Recorded data section start

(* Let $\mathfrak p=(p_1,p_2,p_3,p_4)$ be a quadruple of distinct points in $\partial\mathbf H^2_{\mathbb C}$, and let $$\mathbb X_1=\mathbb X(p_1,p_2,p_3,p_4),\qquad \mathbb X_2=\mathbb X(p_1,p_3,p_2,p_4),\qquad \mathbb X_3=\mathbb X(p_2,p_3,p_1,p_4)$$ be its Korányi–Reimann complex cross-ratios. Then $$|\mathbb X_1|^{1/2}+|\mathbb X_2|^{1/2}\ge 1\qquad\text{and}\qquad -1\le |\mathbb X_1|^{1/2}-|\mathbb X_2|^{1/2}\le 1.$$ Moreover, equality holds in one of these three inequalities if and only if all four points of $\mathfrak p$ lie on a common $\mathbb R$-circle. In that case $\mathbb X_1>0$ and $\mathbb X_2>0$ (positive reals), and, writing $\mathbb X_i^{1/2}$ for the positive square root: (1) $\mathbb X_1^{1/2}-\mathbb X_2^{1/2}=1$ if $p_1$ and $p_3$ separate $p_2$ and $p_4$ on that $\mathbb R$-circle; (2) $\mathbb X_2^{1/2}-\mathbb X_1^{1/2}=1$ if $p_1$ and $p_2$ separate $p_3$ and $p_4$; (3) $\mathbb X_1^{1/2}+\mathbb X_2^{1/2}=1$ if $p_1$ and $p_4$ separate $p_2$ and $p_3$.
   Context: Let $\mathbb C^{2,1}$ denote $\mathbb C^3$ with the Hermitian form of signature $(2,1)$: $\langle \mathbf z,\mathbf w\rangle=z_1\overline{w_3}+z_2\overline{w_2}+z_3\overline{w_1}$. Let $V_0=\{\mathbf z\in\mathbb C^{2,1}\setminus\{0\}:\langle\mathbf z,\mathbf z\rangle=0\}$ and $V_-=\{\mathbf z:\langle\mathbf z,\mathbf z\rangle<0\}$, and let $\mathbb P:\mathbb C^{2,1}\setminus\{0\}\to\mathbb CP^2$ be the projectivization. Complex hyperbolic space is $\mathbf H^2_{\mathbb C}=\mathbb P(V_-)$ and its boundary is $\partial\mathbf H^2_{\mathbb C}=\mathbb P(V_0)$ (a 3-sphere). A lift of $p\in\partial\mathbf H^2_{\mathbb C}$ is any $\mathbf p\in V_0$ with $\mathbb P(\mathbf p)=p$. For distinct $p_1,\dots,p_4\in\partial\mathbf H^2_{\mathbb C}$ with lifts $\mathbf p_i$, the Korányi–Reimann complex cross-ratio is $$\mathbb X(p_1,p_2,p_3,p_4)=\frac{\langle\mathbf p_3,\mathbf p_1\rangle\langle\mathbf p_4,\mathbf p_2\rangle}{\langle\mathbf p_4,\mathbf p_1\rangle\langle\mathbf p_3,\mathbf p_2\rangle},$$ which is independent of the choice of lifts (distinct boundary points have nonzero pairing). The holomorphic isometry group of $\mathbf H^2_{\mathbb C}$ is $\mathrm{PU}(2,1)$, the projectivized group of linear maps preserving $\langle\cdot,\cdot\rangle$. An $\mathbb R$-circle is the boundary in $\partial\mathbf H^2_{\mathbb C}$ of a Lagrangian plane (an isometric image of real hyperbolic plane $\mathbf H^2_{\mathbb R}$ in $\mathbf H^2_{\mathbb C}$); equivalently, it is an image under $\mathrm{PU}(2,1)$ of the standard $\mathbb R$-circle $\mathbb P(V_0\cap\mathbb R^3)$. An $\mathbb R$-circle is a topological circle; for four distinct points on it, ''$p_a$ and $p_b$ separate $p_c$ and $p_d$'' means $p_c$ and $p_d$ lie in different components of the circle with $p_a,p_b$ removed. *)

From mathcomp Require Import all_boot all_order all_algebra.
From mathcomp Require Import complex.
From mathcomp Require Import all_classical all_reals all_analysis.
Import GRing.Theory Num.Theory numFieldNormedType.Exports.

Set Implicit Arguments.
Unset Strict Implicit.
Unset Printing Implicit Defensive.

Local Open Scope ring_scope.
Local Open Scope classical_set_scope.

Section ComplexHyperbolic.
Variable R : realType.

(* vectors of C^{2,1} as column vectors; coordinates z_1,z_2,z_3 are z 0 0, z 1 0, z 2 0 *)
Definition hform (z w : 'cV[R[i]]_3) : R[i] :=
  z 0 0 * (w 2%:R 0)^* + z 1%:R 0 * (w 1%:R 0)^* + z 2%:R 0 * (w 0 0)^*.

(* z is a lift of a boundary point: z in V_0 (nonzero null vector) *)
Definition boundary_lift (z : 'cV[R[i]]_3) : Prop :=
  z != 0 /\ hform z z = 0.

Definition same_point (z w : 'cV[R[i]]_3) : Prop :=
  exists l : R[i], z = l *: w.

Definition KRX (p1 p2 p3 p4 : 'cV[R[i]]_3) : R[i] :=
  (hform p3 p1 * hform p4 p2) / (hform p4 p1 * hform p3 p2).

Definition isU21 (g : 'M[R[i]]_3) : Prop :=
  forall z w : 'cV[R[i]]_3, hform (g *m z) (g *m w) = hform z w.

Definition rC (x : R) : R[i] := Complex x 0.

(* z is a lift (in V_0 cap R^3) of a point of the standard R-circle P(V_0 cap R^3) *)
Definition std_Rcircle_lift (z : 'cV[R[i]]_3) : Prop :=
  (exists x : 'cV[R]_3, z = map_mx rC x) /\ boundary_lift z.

Recorded data section end

### Exercise goal
Pull each line containing "Open" from the records.

### Written answer
Local Open Scope ring_scope.
Local Open Scope classical_set_scope.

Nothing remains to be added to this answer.